> Description of the task
Where a line in the entries below contains the word "andP", count it. Return the total alone.

> Material for the task
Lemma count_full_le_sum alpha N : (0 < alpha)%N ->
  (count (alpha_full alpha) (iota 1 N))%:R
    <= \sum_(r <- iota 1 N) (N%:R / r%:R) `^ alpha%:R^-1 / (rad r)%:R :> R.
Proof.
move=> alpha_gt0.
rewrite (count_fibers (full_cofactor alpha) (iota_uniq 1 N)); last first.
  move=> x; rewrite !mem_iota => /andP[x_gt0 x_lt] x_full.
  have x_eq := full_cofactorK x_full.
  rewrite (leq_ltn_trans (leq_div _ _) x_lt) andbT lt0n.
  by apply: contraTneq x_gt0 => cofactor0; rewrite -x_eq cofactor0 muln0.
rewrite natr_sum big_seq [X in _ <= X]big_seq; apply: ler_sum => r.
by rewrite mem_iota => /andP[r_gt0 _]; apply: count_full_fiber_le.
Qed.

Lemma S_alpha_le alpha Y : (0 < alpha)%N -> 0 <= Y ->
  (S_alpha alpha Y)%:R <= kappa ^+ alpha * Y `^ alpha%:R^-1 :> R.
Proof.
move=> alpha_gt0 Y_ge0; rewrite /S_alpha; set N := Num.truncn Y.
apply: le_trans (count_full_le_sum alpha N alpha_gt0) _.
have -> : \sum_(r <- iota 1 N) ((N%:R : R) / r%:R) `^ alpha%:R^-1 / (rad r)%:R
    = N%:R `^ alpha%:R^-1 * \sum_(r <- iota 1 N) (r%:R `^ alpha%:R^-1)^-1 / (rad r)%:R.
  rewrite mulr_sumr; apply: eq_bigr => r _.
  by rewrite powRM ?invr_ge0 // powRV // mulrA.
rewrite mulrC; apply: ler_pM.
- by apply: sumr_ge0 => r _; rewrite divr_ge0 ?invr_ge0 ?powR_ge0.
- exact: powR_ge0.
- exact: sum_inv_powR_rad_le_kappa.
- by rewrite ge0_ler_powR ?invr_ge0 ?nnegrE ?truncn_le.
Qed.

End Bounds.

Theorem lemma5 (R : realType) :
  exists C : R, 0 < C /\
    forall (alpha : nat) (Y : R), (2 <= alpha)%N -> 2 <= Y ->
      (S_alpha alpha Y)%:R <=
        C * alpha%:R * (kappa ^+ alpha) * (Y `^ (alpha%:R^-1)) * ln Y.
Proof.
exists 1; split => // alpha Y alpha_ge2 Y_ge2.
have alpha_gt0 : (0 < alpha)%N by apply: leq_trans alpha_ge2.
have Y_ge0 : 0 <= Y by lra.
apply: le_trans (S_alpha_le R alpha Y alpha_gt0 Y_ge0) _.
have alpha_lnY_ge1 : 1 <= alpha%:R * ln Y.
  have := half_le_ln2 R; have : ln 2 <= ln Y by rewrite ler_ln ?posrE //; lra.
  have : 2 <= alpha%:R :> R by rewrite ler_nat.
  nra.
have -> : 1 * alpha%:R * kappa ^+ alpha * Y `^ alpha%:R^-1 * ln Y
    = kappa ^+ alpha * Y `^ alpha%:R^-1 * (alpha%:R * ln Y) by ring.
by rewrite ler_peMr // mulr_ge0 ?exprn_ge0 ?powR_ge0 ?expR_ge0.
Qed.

> Response area
2